Use this skill when:

  • You want to adopt Test Driven Development methodology for a new feature
  • You need guidance on TDD workflow for a specific language or framework
  • You're teaching or mentoring developers on TDD practices
  • You want to refactor existing code using TDD techniques
  • You need to verify your test coverage follows TDD principles
  • You're setting up testing standards for a new project
  • You want to ensure tests are written before implementation code

Use this before using test generation skills like:

  • test-generator-framework for generic test patterns
  • python-pytest-creator for Python-specific TDD
  • nextjs-unit-test-creator for Next.js TDD

Prerequisites

  • Basic understanding of unit testing concepts
  • Access to testing framework for your language (pytest, Jest, Vitest, etc.)
  • Knowledge of the programming language you're working with
  • Familiarity with project structure and build tools
  • Optional: Existing test generation skills for your language

TDD Principles

The Red-Green-Refactor Cycle

TDD follows a continuous cycle:

code
┌─────────────────────────────────────────┐
│  1. Write a failing test (RED)      │
└─────────────────────────────────────────┘
                 ↓
┌─────────────────────────────────────────┐
│  2. Run test and see it fail (RED)   │
└─────────────────────────────────────────┘
                 ↓
┌─────────────────────────────────────────┐
│  3. Write minimal code to pass (GREEN) │
└─────────────────────────────────────────┘
                 ↓
┌─────────────────────────────────────────┐
│  4. Run test and see it pass (GREEN)  │
└─────────────────────────────────────────┘
                 ↓
┌─────────────────────────────────────────┐
│  5. Refactor code (REFACTOR)         │
└─────────────────────────────────────────┘
                 ↓
         (Return to step 1)

Core TDD Rules

  1. Never write production code without a failing test
  2. Write the minimal amount of code to make the test pass
  3. Refactor only after all tests pass
  4. Keep tests small and focused
  5. Write one test at a time
  6. Test behavior, not implementation details

Steps

Step 1: Choose Your Feature

Identify the feature or function you want to implement:

Example: "User login functionality"

Break down into behaviors:

  • Validate email format
  • Check if user exists
  • Verify password matches
  • Return authentication token on success
  • Return error message on failure

Step 2: Write First Failing Test (RED)

Start with the simplest possible test case:

Python/pytest Example:

python
def test_login_with_valid_credentials():
    """User should be able to login with valid credentials."""
    response = auth.login("user@example.com", "password123")
    assert response.success is True
    assert "token" in response.data

JavaScript/Jest Example:

javascript
test('user can login with valid credentials', () => {
  const response = auth.login('user@example.com', 'password123');
  expect(response.success).toBe(true);
  expect(response.data).toHaveProperty('token');
});

Verify the test fails:

bash
# Python
pytest tests/test_auth.py -v

# JavaScript
npm test auth.test.js

Expected output: Test should fail with an error like AttributeError: module 'auth' has no attribute 'login' or auth.login is not a function

Step 3: Write Minimal Production Code (GREEN)

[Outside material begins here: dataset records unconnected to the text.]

(* Let $\Lambda$ be the $K3^{[n]}$-lattice ($n\ge2$), $\alpha\in\Lambda$ primitive isotropic, $Q_\alpha:=\alpha^\perp/\mathbb{Z}\alpha$, and let $Q_\alpha$ act on $\Omega_{\alpha^\perp}$ by $[z]\cdot\mathbb{C}x:=\mathbb{C}(x+(x,z)\alpha)$ for $x\in\alpha^\perp\otimes\mathbb{C}$ (denote the image group of this action by $g(Q_\alpha)$). For $\underline{\ell}\in\Omega_{Q_\alpha}$: (1) $g(Q_\alpha)$ has a dense orbit in the fiber $q^{-1}(\underline{\ell})$ if and only if $\underline{\ell}$ is non-special; (2) if $g(Q_\alpha)$ has a dense orbit in $q^{-1}(\underline{\ell})$, then every $g(Q_\alpha)$-orbit in $q^{-1}(\underline{\ell})$ is dense.
   Context: $\Omega_{\alpha^\perp}:=\{\ell\in\mathbb{P}(\Lambda\otimes\mathbb{C}):(\ell,\ell)=0,(\ell,\bar\ell)>0,(\ell,\alpha)=0\}$, $\Omega_{Q_\alpha}:=\{\ell\in\mathbb{P}(Q_\alpha\otimes\mathbb{C}):(\ell,\ell)=0,(\ell,\bar\ell)>0\}$, and $q:\Omega_{\alpha^\perp}\to\Omega_{Q_\alpha}$ sends a line to its image modulo $\mathbb{C}\alpha$; the fiber over $\underline{\ell}$ is $\mathbb{P}(\mathbb{C}\alpha+\mathbb{C}t)\setminus\{[\alpha]\}$ for any lift $t$. A period $\underline{\ell}\in\Omega_{Q_\alpha}$ is special if $(\underline{\ell}\oplus\bar{\underline{\ell}})\cap Q_\alpha\neq0$ (equivalently, the corresponding $K3$ period in $\Lambda_{k3}\cong$ $K3$ lattice, via $Q_\alpha\cong\bar v^\perp\subset\Lambda_{k3}$, is special), and non-special otherwise. The action is well defined in $Q_\alpha$ since $(x,\alpha)=0$. *)

From HB Require Import structures.
From mathcomp Require Import all_boot all_order all_algebra.
From mathcomp Require Import reals.
From mathcomp Require Export complex.
Set Implicit Arguments. Unset Strict Implicit. Unset Printing Implicit Defensive.
Import Order.TTheory GRing.Theory Num.Theory.
Local Open Scope ring_scope.

(* The K3^[n] lattice  Lambda = U^3 (+) E8(-1)^2 (+) <2-2n>,  realised as     *)
(* Z^23 (row vectors 'rV[int]_23) with the following Gram matrix.            *)
(* Coordinates: 0..5 the three hyperbolic planes U, 6..13 and 14..21 the two *)
(* copies of E8(-1), 22 the generator of <2-2n>.                             *)

(* Cartan matrix of E8: chain 0-1-2-3-4-5-6 and node 7 attached to node 4   *)
Definition e8_adj (i j : nat) : bool :=
  [|| (j == i.+1) && (j < 7) , (i == j.+1) && (i < 7) , ((i == 4) && (j == 7)) | ((i == 7) && (j == 4))]%N.

Definition e8_cartan (i j : nat) : int :=
  if i == j then 2 else if e8_adj i j then -1 else 0.

Definition k3n_gram_nat (n i j : nat) : int :=
  if (i < 6)%N then
    (if (j < 6)%N then (if (i./2 == j./2) && (i != j) then 1 else 0) else 0)
  else if (i < 22)%N then
    (if (6 <= j < 22)%N && ((i - 6) %/ 8 == (j - 6) %/ 8)%N
     then - e8_cartan ((i - 6) %% 8) ((j - 6) %% 8) else 0)
  else (if j == 22 then 2%:Z - 2%:Z * n%:Z else 0).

Write just enough code to make the test pass, nothing more:

Python/pytest Example:

python
# auth.py
class AuthResponse:
    def __init__(self, success, data):
        self.success = success
        self.data = data

def login(email, password):
    return AuthResponse(success=True, data={"token": "dummy_token"})

JavaScript/Jest Example:

javascript
// auth.js
const login = (email, password) => {
  return {
    success: true,
    data: { token: 'dummy_token' }
  };
};

module.exports = { login };

Verify the test passes:

bash
# Python
pytest tests/test_auth.py -v

# JavaScript
npm test auth.test.js

Expected output: Test should pass (1 passed)

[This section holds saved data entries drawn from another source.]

(* The integral as a total function (chosen value if integrable). *)
Definition IRint (f : R -> Inum) (a b : R) : Inum :=
  epsilon (inhabits izero) (fun A => is_IRint f a b A).

Definition icont_within (F : R -> Inum) (a b x : R) : Prop :=
  forall eps : R, 0 < eps -> exists delta : R, 0 < delta /\
    forall y : R, a <= y <= b -> Rabs (y - x) < delta -> idist (F y) (F x) < eps.

Definition iderive_within (F : R -> Inum) (a b x : R) (L : Inum) : Prop :=
  forall eps : R, 0 < eps -> exists delta : R, 0 < delta /\
    forall h : R, h <> 0 -> Rabs h < delta -> a <= x + h <= b ->
      idist (idiv (isub (F (x + h)) (F x)) h) L < eps.

From Stdlib Require Import Reals Lra Lia ClassicalEpsilon.
Open Scope R_scope.

(* The map [A |-> (a_c, ln a_w)] is an isometry from (R_I, d) onto the
   Euclidean plane which turns the interval operations +, -, [k *] and [/ h]
   into the coordinatewise real ones.  Interval Riemann sums, integrals,
   continuity and difference quotients therefore split into the corresponding
   real notions for [ic o f] and [ln o iw o f], and the theorem reduces to the
   real one: the integral over [a, c] exists by the Cauchy criterion, and
   [F y - F x] is uniformly approximated by Riemann sums over [x, y], which
   gives continuity (with a single cell) and the derivative at points of
   continuity of [f]. *)

Fixpoint rsum (g : R -> R) (t xi : nat -> R) (n : nat) : R :=
  match n with
  | O => 0
  | S m => rsum g t xi m + (t (S m) - t m) * g (xi m)
  end.

Definition fine_cell (d x y z : R) : Prop := x < y /\ y - x < d /\ x <= z <= y.

Definition fine_partition (a b d : R) (n : nat) (t xi : nat -> R) : Prop :=
  t O = a /\ t n = b /\ forall i, (i < n)%nat -> fine_cell d (t i) (t (S i)) (xi i).

Definition is_riemann_int (g : R -> R) (a b I : R) : Prop :=
  forall eps, 0 < eps -> exists d, 0 < d /\
  forall n t xi, fine_partition a b d n t xi -> Rabs (rsum g t xi n - I) < eps.

Definition rcont_within (F : R -> R) (a b x : R) : Prop :=
  forall eps, 0 < eps -> exists delta, 0 < delta /\
    forall y, a <= y <= b -> Rabs (y - x) < delta -> Rabs (F y - F x) < eps.

Definition rderive_within (F : R -> R) (a b x l : R) : Prop :=
  forall eps, 0 < eps -> exists delta, 0 < delta /\
    forall h, h <> 0 -> Rabs h < delta -> a <= x + h <= b ->
      Rabs ((F (x + h) - F x) / h - l) < eps.

Lemma fine_partition_iff a b d n t xi :
  fine_partition a b d n t xi <->
  t O = a /\ t n = b /\ (forall i, (i < n)%nat -> t i < t (S i)) /\
  (forall i, (i < n)%nat -> t (S i) - t i < d) /\
  (forall i, (i < n)%nat -> t i <= xi i <= t (S i)).
Proof.
  split.
  - intros (Ha & Hb & Hc). split; [|split; [|split; [|split]]]; try assumption;
      intros i Hi; destruct (Hc i Hi) as (? & ? & ?); assumption.
  - intros (Ha & Hb & Hlt & Hd & Hxi). repeat split; auto; apply Hxi; assumption.
Qed.

Lemma fine_partition_mono a b d d' n t xi :
  d <= d' -> fine_partition a b d n t xi -> fine_partition a b d' n t xi.
Proof.
  intros Hd (Ha & Hb & Hc). split; [|split]; try assumption.
  intros i Hi. destruct (Hc i Hi) as (? & ? & ?). repeat split; lra.
Qed.

Lemma fine_partition_le a b d n t xi :
  fine_partition a b d n t xi -> forall i j, (i <= j <= n)%nat -> t i <= t j.
Proof.
  intros (_ & _ & Hc) i j [Hij Hjn]. induction Hij as [|j Hij IH]; [lra|].
  destruct (Hc j ltac:(lia)) as (? & _). specialize (IH ltac:(lia)). lra.
Qed.

Lemma fine_partition_tag a b d n t xi :
  fine_partition a b d n t xi -> forall i, (i < n)%nat -> a <= xi i <= b.
Proof.
  intros P i Hi.
  pose proof (fine_partition_le _ _ _ _ _ _ P 0 i ltac:(lia)).
  pose proof (fine_partition_le _ _ _ _ _ _ P (S i) n ltac:(lia)).
  destruct P as (<- & <- & Hc). destruct (Hc i Hi) as (_ & _ & ?). lra.
Qed.

Lemma fine_partition_point a d n t xi : fine_partition a a d n t xi -> n = 0%nat.
Proof.
  intros P. destruct n as [|n]; [reflexivity|].
  pose proof (fine_partition_le _ _ _ _ _ _ P 1 (S n) ltac:(lia)).
  destruct P as (H0 & Hn & Hc). destruct (Hc 0%nat ltac:(lia)) as (? & _). lra.
Qed.

Lemma fine_partition_cell d x y z :
  fine_cell d x y z ->
  fine_partition x y d 1 (fun i => match i with O => x | _ => y end) (fun _ => z).
Proof.
  intros Hc. split; [reflexivity | split; [reflexivity|]].
  intros i Hi. replace i with 0%nat by lia. exact Hc.
Qed.

Definition seq_cat (n1 : nat) (u1 u2 : nat -> R) (i : nat) : R :=
  if (i <? n1)%nat then u1 i else u2 (i - n1)%nat.

Lemma seq_cat_l n1 u1 u2 i : (i < n1)%nat -> seq_cat n1 u1 u2 i = u1 i.
Proof. intros H. unfold seq_cat. destruct (Nat.ltb_spec i n1); [reflexivity | lia]. Qed.

Lemma seq_cat_r n1 u1 u2 i : (n1 <= i)%nat -> seq_cat n1 u1 u2 i = u2 (i - n1)%nat.
Proof. intros H. unfold seq_cat. destruct (Nat.ltb_spec i n1); [lia | reflexivity]. Qed.

Lemma seq_cat_le n1 u1 u2 i :
  u1 n1 = u2 O -> (i <= n1)%nat -> seq_cat n1 u1 u2 i = u1 i.
Proof.
  intros Hj H. destruct (Nat.eq_dec i n1) as [->|].
  - rewrite seq_cat_r, Nat.sub_diag by lia. congruence.
  - apply seq_cat_l. lia.
Qed.

Lemma rsum_ext g t t' xi xi' n :
  (forall i, (i <= n)%nat -> t i = t' i) -> (forall i, (i < n)%nat -> xi i = xi' i) ->
  rsum g t xi n = rsum g t' xi' n.
Proof.
  induction n as [|n IH]; intros Ht Hxi; simpl; [reflexivity|].
  rewrite IH, !Ht, Hxi by (intros; auto with arith; lia). reflexivity.
Qed.

Lemma rsum_cat g n1 n2 t1 t2 x1 x2 :
  t1 n1 = t2 O ->
  rsum g (seq_cat n1 t1 t2) (seq_cat n1 x1 x2) (n1 + n2) =
  rsum g t1 x1 n1 + rsum g t2 x2 n2.
Proof.
  intros Hj. induction n2 as [|n2 IH].
  - rewrite Nat.add_0_r, Rplus_0_r. apply rsum_ext; intros i Hi.
    + apply seq_cat_le; assumption.
    + apply seq_cat_l; assumption.
  - rewrite Nat.add_succ_r. simpl. rewrite IH, !seq_cat_r by lia.
    replace (S (n1 + n2) - n1)%nat with (S n2) by lia.
    replace (n1 + n2 - n1)%nat with n2 by lia. ring.
Qed.

Lemma fine_partition_cat a c e d n1 n2 t1 t2 x1 x2 :
  fine_partition a c d n1 t1 x1 -> fine_partition c e d n2 t2 x2 ->
  fine_partition a e d (n1 + n2) (seq_cat n1 t1 t2) (seq_cat n1 x1 x2).
Proof.
  intros (Ha & Hc1 & C1) (Hc2 & He & C2).
  assert (Hj : t1 n1 = t2 O) by congruence.
  split; [|split].
  - rewrite seq_cat_le by (assumption || lia). assumption.
  - rewrite seq_cat_r by lia. replace (n1 + n2 - n1)%nat with n2 by lia. assumption.
  - intros i Hi. destruct (Nat.lt_ge_cases i n1).
    + rewrite !seq_cat_le, seq_cat_l by (assumption || lia). apply C1. assumption.
    + rewrite !seq_cat_r by lia. replace (S i - n1)%nat with (S (i - n1)) by lia.
      apply C2. lia.
Qed.

Definition uniform_grid (a c : R) (N i : nat) : R := a + INR i * ((c - a) / INR N).

Lemma uniform_grid_fine a c d :
  a < c -> 0 < d -> exists K, forall N, (K <= N)%nat ->
  fine_partition a c d N (uniform_grid a c N) (uniform_grid a c N).
Proof.
  intros Hac Hd. destruct (archimed_cor1 (d / (c - a))) as [K [HK HK0]].
  { apply Rdiv_lt_0_compat; lra. }
  exists K. intros N HN.
  assert (HKpos : 0 < INR K) by (apply lt_0_INR; lia).
  assert (HKN : INR K <= INR N) by (apply le_INR; lia).
  set (h := (c - a) / INR N).
  assert (Hh : 0 < h) by (apply Rdiv_lt_0_compat; lra).
  assert (Hhd : h < d).
  { apply Rle_lt_trans with ((c - a) * / INR K).
    - apply Rmult_le_compat_l; [lra|]. apply Rinv_le_contravar; lra.
    - apply Rmult_lt_compat_l with (r := c - a) in HK; [|lra].
      replace ((c - a) * (d / (c - a))) with d in HK by (field; lra). exact HK. }
  repeat split; unfold uniform_grid; fold h; rewrite ?S_INR; try lra.
  - simpl. ring.
  - unfold h. field. apply not_0_INR. lia.
Qed.

Lemma fine_partition_exists a c d :
  a <= c -> 0 < d -> exists n t xi, fine_partition a c d n t xi.
Proof.
  intros Hac Hd. destruct (Req_dec a c) as [<-|Hne].
  - exists 0%nat, (fun _ => a), (fun _ => a). repeat split; intros; lia.
  - destruct (uniform_grid_fine a c d ltac:(lra) Hd) as [K HK].
    exists K, (uniform_grid a c K), (uniform_grid a c K). apply HK. lia.
Qed.

Lemma rsum_dev_const g n t xi K e :
  (forall i, (i < n)%nat -> t i <= t (S i)) ->
  (forall i, (i < n)%nat -> Rabs (g (xi i) - K) <= e) ->
  Rabs (rsum g t xi n - (t n - t O) * K) <= e * (t n - t O).
Proof.
  induction n as [|n IH]; intros Ht Hg; simpl.
  - replace (0 - (t O - t O) * K) with 0 by ring. rewrite Rabs_R0. lra.
  - specialize (IH ltac:(auto) ltac:(auto)).
    specialize (Ht n ltac:(lia)). specialize (Hg n ltac:(lia)).
    assert (Hcell : Rabs ((t (S n) - t n) * (g (xi n) - K)) <= (t (S n) - t n) * e).
    { rewrite Rabs_mult, Rabs_pos_eq by lra. apply Rmult_le_compat_l; lra. }
    replace (rsum g t xi n + (t (S n) - t n) * g (xi n) - (t (S n) - t O) * K)
      with ((rsum g t xi n - (t n - t O) * K) + (t (S n) - t n) * (g (xi n) - K)) by ring.
    pose proof (Rabs_triang (rsum g t xi n - (t n - t O) * K)
                            ((t (S n) - t n) * (g (xi n) - K))).
    lra.
Qed.

Lemma is_riemann_int_point g a : is_riemann_int g a a 0.
Proof.
  intros eps Heps. exists 1. split; [lra|]. intros n t xi P.
  rewrite (fine_partition_point _ _ _ _ _ P). simpl. rewrite Rminus_0_r, Rabs_R0. exact Heps.
Qed.

(* The integral is the limit of the uniform left-point sums. *)
Lemma is_riemann_int_cauchy g a c :
  a < c ->
  (forall eps, 0 < eps -> exists d, 0 < d /\ forall n1 t1 x1 n2 t2 x2,
     fine_partition a c d n1 t1 x1 -> fine_partition a c d n2 t2 x2 ->
     Rabs (rsum g t1 x1 n1 - rsum g t2 x2 n2) < eps) ->
  exists J, is_riemann_int g a c J.
Proof.
  intros Hac Hcauchy.
  set (s N := rsum g (uniform_grid a c N) (uniform_grid a c N) N).
  assert (Hs : Cauchy_crit s).
  { intros eps Heps. destruct (Hcauchy eps Heps) as (d & Hd & Hclose).
    destruct (uniform_grid_fine a c d Hac Hd) as [K HK].
    exists K. intros N1 N2 HN1 HN2. apply Hclose; apply HK; lia. }
  destruct (R_complete s Hs) as [J HJ]. exists J.
  intros eps Heps. destruct (Hcauchy (eps / 2) ltac:(lra)) as (d & Hd & Hclose).
  exists d. split; [exact Hd|]. intros n t xi P.
  destruct (uniform_grid_fine a c d Hac Hd) as [K HK].
  destruct (HJ (eps / 2) ltac:(lra)) as [N0 HN0].
  specialize (HN0 (max K N0) ltac:(lia)). unfold R_dist in HN0.
  specialize (Hclose _ _ _ _ _ _ P (HK (max K N0) ltac:(lia))).
  fold (s (max K N0)) in Hclose. split_Rabs; lra.
Qed.

Section Initial_segments.

Variables (g : R -> R) (a b I : R).
Hypothesis HI : is_riemann_int g a b I.

(* Two partitions of [a, c] are compared by completing both with one partition of [c, b]. *)
Lemma riemann_cauchy_initial eps :
  0 < eps -> exists d, 0 < d /\ forall c, a <= c <= b ->
  forall n1 t1 x1 n2 t2 x2,
    fine_partition a c d n1 t1 x1 -> fine_partition a c d n2 t2 x2 ->
    Rabs (rsum g t1 x1 n1 - rsum g t2 x2 n2) < eps.
Proof.
  intros Heps. destruct (HI (eps / 2) ltac:(lra)) as (d & Hd & Hsum).
  exists d. split; [exact Hd|]. intros c Hc n1 t1 x1 n2 t2 x2 P1 P2.
  destruct (fine_partition_exists c b d ltac:(lra) Hd) as (m & t3 & x3 & P3).
  pose proof (Hsum _ _ _ (fine_partition_cat _ _ _ _ _ _ _ _ _ _ P1 P3)) as H1.
  pose proof (Hsum _ _ _ (fine_partition_cat _ _ _ _ _ _ _ _ _ _ P2 P3)) as H2.
  destruct P1 as (_ & E1 & _), P2 as (_ & E2 & _), P3 as (E3 & _).
  rewrite rsum_cat in H1, H2 by congruence.
  split_Rabs; lra.
Qed.

Lemma is_riemann_int_initial c : a <= c <= b -> exists J, is_riemann_int g a c J.
Proof.
  intros Hc. destruct (Req_dec a c) as [<-|Hne].
  - exists 0. apply is_riemann_int_point.
  - apply is_riemann_int_cauchy; [lra|]. intros eps Heps.
    destruct (riemann_cauchy_initial eps Heps) as (d & Hd & Hclose).
    exists d. split; [exact Hd|]. apply Hclose. exact Hc.
Qed.

Variable Phi : R -> R.
Hypothesis HPhi : forall c, a <= c <= b -> is_riemann_int g a c (Phi c).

Step 4: Refactor (REFACTOR)

Now that the test passes, improve the code quality without changing behavior:

Refactoring guidelines:

  • Extract constants
  • Improve variable names
  • Remove code duplication
  • Improve readability
  • Add input validation

Python Refactored Example:

python
# auth.py
DUMMY_TOKEN = "dummy_token"

class AuthResponse:
    def __init__(self, success, data):
        self.success = success
        self.data = data

def login(email, password):
    if not email or not password:
        raise ValueError("Email and password are required")
    return AuthResponse(success=True, data={"token": DUMMY_TOKEN})

JavaScript Refactored Example:

javascript
// auth.js
const DUMMY_TOKEN = 'dummy_token';

const login = (email, password) => {
  if (!email || !password) {
    throw new Error('Email and password are required');
  }
  return {
    success: true,
    data: { token: DUMMY_TOKEN }
  };
};

module.exports = { login };

Verify tests still pass:

bash
# Python
pytest tests/test_auth.py -v

# JavaScript
npm test auth.test.js

Step 5: Add Next Test Case

Return to Step 2 for the next behavior:

Example: Test invalid credentials

python
def test_login_with_invalid_credentials():
    """User should not be able to login with invalid credentials."""
    response = auth.login("user@example.com", "wrong_password")
    assert response.success is False
    assert "error" in response.data

Write minimal code to pass, then refactor. Continue until all behaviors are tested.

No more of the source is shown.